EXERCISE DIRECTIONS
The response must contain every record, repeated exactly.
[RECORDS SUPPLIED]
Lemma bracket_s_fields a b (X Y : TField) a1 b1 a2 b2 da1 db1 da2 db2 s t :
  in_interval a b s ->
  (forall q, in_interval a b (fst q) -> X q = (a1 (fst q), b1 (fst q))) ->
  (forall q, in_interval a b (fst q) -> Y q = (a2 (fst q), b2 (fst q))) ->
  is_derive a1 s da1 -> is_derive b1 s db1 -> is_derive a2 s da2 -> is_derive b2 s db2 ->
  Defs.bracket X Y (s, t) = (a1 s * da2 - a2 s * da1, a1 s * db2 - a2 s * db1).
Proof.
  intros Hs HX HY Ha1 Hb1 Ha2 Hb2. unfold Defs.bracket, dirf.
  rewrite (pd_s_ext_on a b (fun q => fst (Y q)) (fun q => a2 (fst q))),
    (pd_s_ext_on a b (fun q => snd (Y q)) (fun q => b2 (fst q))),
    (pd_s_ext_on a b (fun q => fst (X q)) (fun q => a1 (fst q))),
    (pd_s_ext_on a b (fun q => snd (X q)) (fun q => b1 (fst q))),
    (pd_t_ext_on a b (fun q => fst (Y q)) (fun q => a2 (fst q))),
    (pd_t_ext_on a b (fun q => snd (Y q)) (fun q => b2 (fst q))),
    (pd_t_ext_on a b (fun q => fst (X q)) (fun q => a1 (fst q))),
    (pd_t_ext_on a b (fun q => snd (X q)) (fun q => b1 (fst q)));
    try exact Hs; try (intros q Hq; rewrite ?HX, ?HY; auto).
  unfold pd_s, pd_t; simpl. rewrite !Derive_const. eta_Derive.
  rewrite (is_derive_unique _ _ _ Ha1), (is_derive_unique _ _ _ Hb1),
    (is_derive_unique _ _ _ Ha2), (is_derive_unique _ _ _ Hb2), (HX (s, t) Hs), (HY (s, t) Hs).
  simpl. f_equal; ring.
Qed.

Lemma tcoord_orthogonal psi W p r :
  dot (psi_s psi p) (psi_s psi p) = 1 -> dot (psi_s psi p) (psi_t psi p) = 0 ->
  dot (psi_t psi p) (psi_t psi p) = r ^ 2 -> r <> 0 ->
  tcoord psi W p = (dot W (psi_s psi p), dot W (psi_t psi p) / r ^ 2).
Proof.
  intros Hss Hst Htt Hr. unfold tcoord. rewrite Hss, Hst, Htt.
  f_equal; field; auto.
Qed.

Lemma psi_s_rot_surface x z s t dx dz : is_derive x s dx -> is_derive z s dz ->
  psi_s (rot_surface x z) (s, t) = (dx * cos t, dx * sin t, dz).
Proof.
  intros Hx Hz. unfold psi_s, pdV_s, pd_s, rot_surface, vx, vy, vz; simpl.
  f_equal; [f_equal|]; apply is_derive_unique; [| |exact Hz];
    auto_derive; try (exists dx; exact Hx); eta_Derive; rewrite (is_derive_unique _ _ _ Hx); ring.
Qed.

Lemma psi_t_rot_surface x z s t :
  psi_t (rot_surface x z) (s, t) = (- (x s * sin t), x s * cos t, 0).
Proof.
  unfold psi_t, pdV_t, pd_t, rot_surface, vx, vy, vz; simpl.
  f_equal; [f_equal|]; apply is_derive_unique; auto_derive; auto; ring.
Qed.

Section RotatedLine.

Variables (a b : Rbar) (x z : R -> R) (al be : R).
Hypothesis unit_slope : al ^ 2 + be ^ 2 = 1.
Hypothesis x_slope : forall s, in_interval a b s -> is_derive x s al.
Hypothesis z_slope : forall s, in_interval a b s -> is_derive z s be.
Hypothesis x_pos : forall s, in_interval a b s -> 0 < x s.

Local Notation psi := (rot_surface x z).
Local Notation E1 := (frameE1 psi).
Local Notation E2 := (frameE2 psi).
Local Notation nab := (nabla psi Cz).

Lemma psi_s_line s t : in_interval a b s -> psi_s psi (s, t) = (al * cos t, al * sin t, be).
Proof. intros Hs. exact (psi_s_rot_surface x z s t al be (x_slope s Hs) (z_slope s Hs)). Qed.

Lemma dot_psi_s_line s t : in_interval a b s -> dot (psi_s psi (s, t)) (psi_s psi (s, t)) = 1.
Proof.
  intros Hs. rewrite psi_s_line by exact Hs. unfold dot, vx, vy, vz; simpl.
  pose proof (cos_sin_sum_sq t). nra.
Qed.

Lemma dot_psi_s_t_line s t : in_interval a b s -> dot (psi_s psi (s, t)) (psi_t psi (s, t)) = 0.
Proof.
  intros Hs. rewrite psi_s_line, psi_t_rot_surface by exact Hs.
  unfold dot, vx, vy, vz; simpl. ring.
Qed.

Lemma dot_psi_t_line s t : dot (psi_t psi (s, t)) (psi_t psi (s, t)) = x s ^ 2.
Proof.
  rewrite psi_t_rot_surface. unfold dot, vx, vy, vz; simpl.
  pose proof (cos_sin_sum_sq t). nra.
Qed.

Lemma frameE1_line q : in_interval a b (fst q) -> E1 q = (1, 0).
Proof.
  destruct q as [s t]; simpl; intros Hs.
  unfold frameE1. rewrite dot_psi_s_line, sqrt_1, Rinv_1 by exact Hs. reflexivity.
Qed.

Lemma frameE2_line q : in_interval a b (fst q) -> E2 q = (0, / x (fst q)).
Proof.
  destruct q as [s t]; simpl; intros Hs. assert (Hx := x_pos s Hs).
  unfold frameE2; cbv zeta.
  rewrite dot_comm, dot_psi_s_t_line, dot_psi_s_line by exact Hs.
  replace (vadd (psi_t psi (s, t)) (vscal (- (0 / 1)) (psi_s psi (s, t)))) with (psi_t psi (s, t))
    by (rewrite psi_t_rot_surface; unfold vadd, vscal, vx, vy, vz; simpl; f_equal; [f_equal|]; field).
  rewrite dot_psi_t_line, sqrt_pow2 by lra. f_equal. field. lra.
Qed.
[/RECORDS SUPPLIED]
SOLUTION TO THE PROBLEM
Lemma bracket_s_fields a b (X Y : TField) a1 b1 a2 b2 da1 db1 da2 db2 s t :
  in_interval a b s ->
  (forall q, in_interval a b (fst q) -> X q = (a1 (fst q), b1 (fst q))) ->
  (forall q, in_interval a b (fst q) -> Y q = (a2 (fst q), b2 (fst q))) ->
  is_derive a1 s da1 -> is_derive b1 s db1 -> is_derive a2 s da2 -> is_derive b2 s db2 ->
  Defs.bracket X Y (s, t) = (a1 s * da2 - a2 s * da1, a1 s * db2 - a2 s * db1).
Proof.
  intros Hs HX HY Ha1 Hb1 Ha2 Hb2. unfold Defs.bracket, dirf.
  rewrite (pd_s_ext_on a b (fun q => fst (Y q)) (fun q => a2 (fst q))),
    (pd_s_ext_on a b (fun q => snd (Y q)) (fun q => b2 (fst q))),
    (pd_s_ext_on a b (fun q => fst (X q)) (fun q => a1 (fst q))),
    (pd_s_ext_on a b (fun q => snd (X q)) (fun q => b1 (fst q))),
    (pd_t_ext_on a b (fun q => fst (Y q)) (fun q => a2 (fst q))),
    (pd_t_ext_on a b (fun q => snd (Y q)) (fun q => b2 (fst q))),
    (pd_t_ext_on a b (fun q => fst (X q)) (fun q => a1 (fst q))),
    (pd_t_ext_on a b (fun q => snd (X q)) (fun q => b1 (fst q)));
    try exact Hs; try (intros q Hq; rewrite ?HX, ?HY; auto).
  unfold pd_s, pd_t; simpl. rewrite !Derive_const. eta_Derive.
  rewrite (is_derive_unique _ _ _ Ha1), (is_derive_unique _ _ _ Hb1),
    (is_derive_unique _ _ _ Ha2), (is_derive_unique _ _ _ Hb2), (HX (s, t) Hs), (HY (s, t) Hs).
  simpl. f_equal; ring.
Qed.

Lemma tcoord_orthogonal psi W p r :
  dot (psi_s psi p) (psi_s psi p) = 1 -> dot (psi_s psi p) (psi_t psi p) = 0 ->
  dot (psi_t psi p) (psi_t psi p) = r ^ 2 -> r <> 0 ->
  tcoord psi W p = (dot W (psi_s psi p), dot W (psi_t psi p) / r ^ 2).
Proof.
  intros Hss Hst Htt Hr. unfold tcoord. rewrite Hss, Hst, Htt.
  f_equal; field; auto.
Qed.

Lemma psi_s_rot_surface x z s t dx dz : is_derive x s dx -> is_derive z s dz ->
  psi_s (rot_surface x z) (s, t) = (dx * cos t, dx * sin t, dz).
Proof.
  intros Hx Hz. unfold psi_s, pdV_s, pd_s, rot_surface, vx, vy, vz; simpl.
  f_equal; [f_equal|]; apply is_derive_unique; [| |exact Hz];
    auto_derive; try (exists dx; exact Hx); eta_Derive; rewrite (is_derive_unique _ _ _ Hx); ring.
Qed.

Lemma psi_t_rot_surface x z s t :
  psi_t (rot_surface x z) (s, t) = (- (x s * sin t), x s * cos t, 0).
Proof.
  unfold psi_t, pdV_t, pd_t, rot_surface, vx, vy, vz; simpl.
  f_equal; [f_equal|]; apply is_derive_unique; auto_derive; auto; ring.
Qed.

Section RotatedLine.

Variables (a b : Rbar) (x z : R -> R) (al be : R).
Hypothesis unit_slope : al ^ 2 + be ^ 2 = 1.
Hypothesis x_slope : forall s, in_interval a b s -> is_derive x s al.
Hypothesis z_slope : forall s, in_interval a b s -> is_derive z s be.
Hypothesis x_pos : forall s, in_interval a b s -> 0 < x s.

Local Notation psi := (rot_surface x z).
Local Notation E1 := (frameE1 psi).
Local Notation E2 := (frameE2 psi).
Local Notation nab := (nabla psi Cz).

Lemma psi_s_line s t : in_interval a b s -> psi_s psi (s, t) = (al * cos t, al * sin t, be).
Proof. intros Hs. exact (psi_s_rot_surface x z s t al be (x_slope s Hs) (z_slope s Hs)). Qed.

Lemma dot_psi_s_line s t : in_interval a b s -> dot (psi_s psi (s, t)) (psi_s psi (s, t)) = 1.
Proof.
  intros Hs. rewrite psi_s_line by exact Hs. unfold dot, vx, vy, vz; simpl.
  pose proof (cos_sin_sum_sq t). nra.
Qed.

Lemma dot_psi_s_t_line s t : in_interval a b s -> dot (psi_s psi (s, t)) (psi_t psi (s, t)) = 0.
Proof.
  intros Hs. rewrite psi_s_line, psi_t_rot_surface by exact Hs.
  unfold dot, vx, vy, vz; simpl. ring.
Qed.

Lemma dot_psi_t_line s t : dot (psi_t psi (s, t)) (psi_t psi (s, t)) = x s ^ 2.
Proof.
  rewrite psi_t_rot_surface. unfold dot, vx, vy, vz; simpl.
  pose proof (cos_sin_sum_sq t). nra.
Qed.

Lemma frameE1_line q : in_interval a b (fst q) -> E1 q = (1, 0).
Proof.
  destruct q as [s t]; simpl; intros Hs.
  unfold frameE1. rewrite dot_psi_s_line, sqrt_1, Rinv_1 by exact Hs. reflexivity.
Qed.

Lemma frameE2_line q : in_interval a b (fst q) -> E2 q = (0, / x (fst q)).
Proof.
  destruct q as [s t]; simpl; intros Hs. assert (Hx := x_pos s Hs).
  unfold frameE2; cbv zeta.
  rewrite dot_comm, dot_psi_s_t_line, dot_psi_s_line by exact Hs.
  replace (vadd (psi_t psi (s, t)) (vscal (- (0 / 1)) (psi_s psi (s, t)))) with (psi_t psi (s, t))
    by (rewrite psi_t_rot_surface; unfold vadd, vscal, vx, vy, vz; simpl; f_equal; [f_equal|]; field).
  rewrite dot_psi_t_line, sqrt_pow2 by lra. f_equal. field. lra.
Qed.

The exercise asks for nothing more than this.